What the exercise asks: From the entries below, return only the lines starting at the one that contains "Definition leT (N" and ending at the one that contains "N%:R y j.+1 >]", exactly as they stand.

[Provided data Boundary: Start]

(* Extended coordinates of a sequence s = (s_1,...,s_(m-1)) :
   coord m c s 0 = 0, coord m c s j = s_j for 0<j<m, coord m c s j = c for j >= m. *)
Definition coord (m : nat) (c : R) (s : seq R) (j : nat) : R :=
  if j == 0%N then 0 else if (m <= j)%N then c else nth 0 s j.-1.

Definition OmegaN (N : nat) : set (pt N) :=
  [set x | forall j, (j < N)%N -> coord N N%:R x j <= coord N N%:R x j.+1].

Definition OmegakN (N k : nat) : set (pt N) :=
  [set x | OmegaN N x /\ coord N N%:R x k = N%:R].

Definition leT (N : nat) (x y : pt N) := forall i, tnth x i <= tnth y i.
Definition increasing_on (N : nat) (D : set (pt N)) (f : pt N -> R) :=
  forall x y, D x -> D y -> leT N x y -> f x <= f y.

Fixpoint iint (n : nat) : (n.-tuple R -> \bar R) -> \bar R :=
  match n return (n.-tuple R -> \bar R) -> \bar R with
  | 0%N => fun F => F [tuple]
  | n'.+1 => fun F =>
      (\int[@lebesgue_measure R]_t iint n' (fun y : n'.-tuple R => F [tuple of t :: y]))%E
  end.

(* Unnormalised density of pi_{k,alpha} in the free coordinates
   y = (y_1,...,y_(k-1)), with y_0 = 0, y_k = N:
   prod_{i=1}^k (y_i - y_(i-1))^(alpha-1) on {0 <= y_1 <= ... <= y_(k-1) <= N}. *)
Definition rho (alpha : R) (N k : nat) (y : (k.-1).-tuple R) : R :=
  if `[< forall j, (j < k)%N -> coord k N%:R y j <= coord k N%:R y j.+1 >]
  then \prod_(1 <= i < k.+1) (coord k N%:R y i - coord k N%:R y i.-1) `^ (alpha - 1)
  else 0.

Definition embed (N k : nat) (y : (k.-1).-tuple R) : pt N :=
  [tuple (if (i < k.-1)%N then nth 0 (y : seq R) i else N%:R) | i < N.-1].

Definition Zk (alpha : R) (N k : nat) : \bar R :=
  iint (k.-1) (fun y : (k.-1).-tuple R => (rho alpha N k y)%:E).

Definition piInt (alpha : R) (N k : nat) (h : pt N -> \bar R) : \bar R :=
  ((fine (Zk alpha N k))^-1)%:E *
  iint (k.-1) (fun y : (k.-1).-tuple R => (rho alpha N k y)%:E * h (embed N k y))%E.

Definition pik (alpha : R) (N k : nat) (A : set (pt N)) : \bar R :=
  piInt alpha N k (fun x => (\1_A x)%:E).

Definition piN (alpha : R) (N : nat) := pik alpha N N.

Definition inSk (alpha : R) (N k : nat) (m : set (pt N) -> \bar R) :=
  exists g : pt N -> R,
    [/\ measurable_fun setT g, (forall x, 0 <= g x),
        increasing_on N (OmegakN N k) g &
        forall A, measurable A ->
          m A = piInt alpha N k (fun x => ((g x)%:E * (\1_A x)%:E)%E)].

Definition inS (alpha : R) (N : nat) (m : set (pt N) -> \bar R) :=
  exists (gam : 'I_N -> R) (mk : 'I_N -> probability (pt N) R),
    [/\ (forall i, 0 <= gam i), \sum_(i < N) gam i = 1,
        (forall i : 'I_N, inSk alpha N i.+1 (mk i)) &
        forall A, measurable A ->
          m A = (\sum_(i < N) (gam i)%:E * mk i A)%E].

Definition stoch_le (N : nat) (mu nu : set (pt N) -> \bar R) :=
  forall f : pt N -> R, measurable_fun setT f -> increasing_on N (OmegaN N) f ->
    (\int[mu]_(x in OmegaN N) (f x)%:E <= \int[nu]_(x in OmegaN N) (f x)%:E)%E.

Definition tv (N : nat) (mu p : set (pt N) -> \bar R) : \bar R :=
  ereal_sup [set `|(mu A - p A)%E|%E | A in [set A : set (pt N) | measurable A]].

End defs.

From Pilot Require Import Defs.
From HB Require Import structures.
From mathcomp Require Import all_boot all_order all_algebra.
From mathcomp Require Import all_classical all_reals all_analysis.
From mathcomp Require Import measurable_realfun lra.
Import Order.TTheory GRing.Theory Num.Theory.
Local Open Scope classical_set_scope.
Local Open Scope ring_scope.

(* Write mu = \sum_k gam_k mu_k with mu_k in S_k.  For k < N the measure mu_k lives on
   the face {x_(N-1) = N}, which is pi_N-null, so off that face mu has the density
   gam_N g with respect to pi_N, g increasing on Omega_N.  Hence
   A = Omega_N /\ ({x_(N-1) = N} \/ {gam_N g > 1}) is a positive set of a Hahn
   decomposition for mu - pi_N, and ||mu - pi_N||_TV = mu(A) - pi_N(A).  The set A is
   increasing in Omega_N, so mu(A) <= nu(A) by stochastic domination, whence
   ||mu - pi_N||_TV <= nu(A) - pi_N(A) <= ||nu - pi_N||_TV. *)

Section iterated_integral.
Context {R : realType}.
Local Open Scope ereal_scope.

Lemma measurable_fun_cons_pair n (F : n.+1.-tuple R -> \bar R) :
  measurable_fun setT F ->
  measurable_fun setT (fun p : R * n.-tuple R => F [tuple of p.1 :: p.2]).
Proof.
move=> mF; apply: (measurableT_comp mF).
exact: measurable_cons measurable_fst measurable_snd.
Qed.

Lemma measurable_fun_cons n (F : n.+1.-tuple R -> \bar R) t :
  measurable_fun setT F -> measurable_fun setT (fun y : n.-tuple R => F [tuple of t :: y]).
Proof.
move=> mF; apply: (measurableT_comp mF).
by have := @measurable_cons _ _ _ _ (fun=> t) n id (measurable_cst t)
  (@measurable_id _ _ setT).
Qed.

Lemma iint_ge0 n (F : n.-tuple R -> \bar R) : (forall y, 0 <= F y) -> 0 <= iint R n F.
Proof.
elim: n F => [|n IH] F F0 /=; first exact: F0.
by apply: integral_ge0 => t _; apply: IH.
Qed.

Lemma measurable_iint n d (T : measurableType d) (F : T -> n.-tuple R -> \bar R) :
  measurable_fun setT (fun p : T * n.-tuple R => F p.1 p.2) ->
  (forall x y, 0 <= F x y) -> measurable_fun setT (fun x => iint R n (F x)).
Proof.
elim: n d T F => [|n IH] d T F mF F0 /=.
  exact: measurableT_comp mF
    (measurable_fun_pair (@measurable_id _ _ setT) (measurable_cst [tuple])).
pose G (p : T * R) (y : n.-tuple R) := F p.1 [tuple of p.2 :: y].
have mG : measurable_fun setT (fun p => iint R n (G p)).
  apply: IH => [|p y]; last exact: F0.
  have fst2 := @measurable_fst _ _ (T * R)%type (n.-tuple R).
  have snd2 := @measurable_snd _ _ (T * R)%type (n.-tuple R).
  exact: measurableT_comp mF (measurable_fun_pair
    (measurableT_comp (@measurable_fst _ _ T R) fst2)
    (measurable_cons (measurableT_comp (@measurable_snd _ _ T R) fst2) snd2)).
apply: (@measurable_fun_fubini_tonelli_F _ _ _ _ _ lebesgue_measure _ mG) => p.
by apply: iint_ge0 => y; exact: F0.
Qed.

Lemma measurable_iint_cons n (F : n.+1.-tuple R -> \bar R) :
  measurable_fun setT F -> (forall y, 0 <= F y) ->
  measurable_fun setT (fun t => iint R n (fun y => F [tuple of t :: y])).
Proof.
move=> mF F0; apply: (@measurable_iint n _ R (fun t y => F [tuple of t :: y])) => //.
exact: measurable_fun_cons_pair.
Qed.

Lemma ge0_iintD n (F G : n.-tuple R -> \bar R) :
  measurable_fun setT F -> measurable_fun setT G ->
  (forall y, 0 <= F y) -> (forall y, 0 <= G y) ->
  iint R n (fun y => F y + G y) = iint R n F + iint R n G.
Proof.
elim: n F G => [//|n IH] F G mF mG F0 G0 /=.
rewrite -ge0_integralD //.
- by apply: eq_integral => t _; rewrite IH //; exact: measurable_fun_cons.
- by move=> t _; apply: iint_ge0.
- exact: measurable_iint_cons.
- by move=> t _; apply: iint_ge0.
- exact: measurable_iint_cons.
Qed.

Lemma ge0_iintZl n (F : n.-tuple R -> \bar R) (k : R) :
  measurable_fun setT F -> (forall y, 0 <= F y) -> (0 <= k)%R ->
  iint R n (fun y => k%:E * F y) = k%:E * iint R n F.
Proof.
elim: n F => [//|n IH] F mF F0 k0 /=.
rewrite -ge0_integralZl //.
- by apply: eq_integral => t _; rewrite IH //; exact: measurable_fun_cons.
- exact: measurable_iint_cons.
- by move=> t _; apply: iint_ge0.
Qed.

Lemma ge0_le_iint n (F G : n.-tuple R -> \bar R) :
  measurable_fun setT F -> measurable_fun setT G ->
  (forall y, 0 <= F y) -> (forall y, F y <= G y) -> iint R n F <= iint R n G.
Proof.
elim: n F G => [|n IH] F G mF mG F0 FG /=; first exact: FG.
have G0 y : 0 <= G y by apply: le_trans (FG y).
apply: ge0_le_integral.
- exact: measurableT.
- by move=> t _; apply: iint_ge0.
- exact: measurable_iint_cons.
- exact: measurable_iint_cons.
- by move=> t _; apply: IH => //; exact: measurable_fun_cons.
Qed.

Lemma iint0_eq n (F : n.-tuple R -> \bar R) : (forall y, F y = 0) -> iint R n F = 0.
Proof.
elim: n F => [|n IH] F F0 /=; first exact: F0.
by apply: integral0_eq => t _; apply: IH.
Qed.

Lemma iint0_off_hyperplane n (i : 'I_n) (c : R) (F : n.-tuple R -> \bar R) :
  (forall y, tnth y i != c -> F y = 0) -> iint R n F = 0.
Proof.
elim: n i F => [[]//|n IH] i F F0 /=.
have [j|] := unliftP ord0 i => ij; rewrite {i}ij in F0.
  apply: integral0_eq => t _; apply: (IH j) => y yj.
  by apply: F0; rewrite tnthS.
set f := fun t => _.
rewrite (_ : f = f \_ [set c]); first by rewrite -integral_mkcond integral_set1.
apply/funext => t; rewrite patchE; case: ifPn => // /negP; rewrite inE => tc.
by rewrite /f iint0_eq // => y; apply: F0 => /=; apply/eqP.
Qed.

[Provided data Boundary: End]

Answer to this problem:
Definition leT (N : nat) (x y : pt N) := forall i, tnth x i <= tnth y i.
Definition increasing_on (N : nat) (D : set (pt N)) (f : pt N -> R) :=
  forall x y, D x -> D y -> leT N x y -> f x <= f y.

Fixpoint iint (n : nat) : (n.-tuple R -> \bar R) -> \bar R :=
  match n return (n.-tuple R -> \bar R) -> \bar R with
  | 0%N => fun F => F [tuple]
  | n'.+1 => fun F =>
      (\int[@lebesgue_measure R]_t iint n' (fun y : n'.-tuple R => F [tuple of t :: y]))%E
  end.

(* Unnormalised density of pi_{k,alpha} in the free coordinates
   y = (y_1,...,y_(k-1)), with y_0 = 0, y_k = N:
   prod_{i=1}^k (y_i - y_(i-1))^(alpha-1) on {0 <= y_1 <= ... <= y_(k-1) <= N}. *)
Definition rho (alpha : R) (N k : nat) (y : (k.-1).-tuple R) : R :=
  if `[< forall j, (j < k)%N -> coord k N%:R y j <= coord k N%:R y j.+1 >]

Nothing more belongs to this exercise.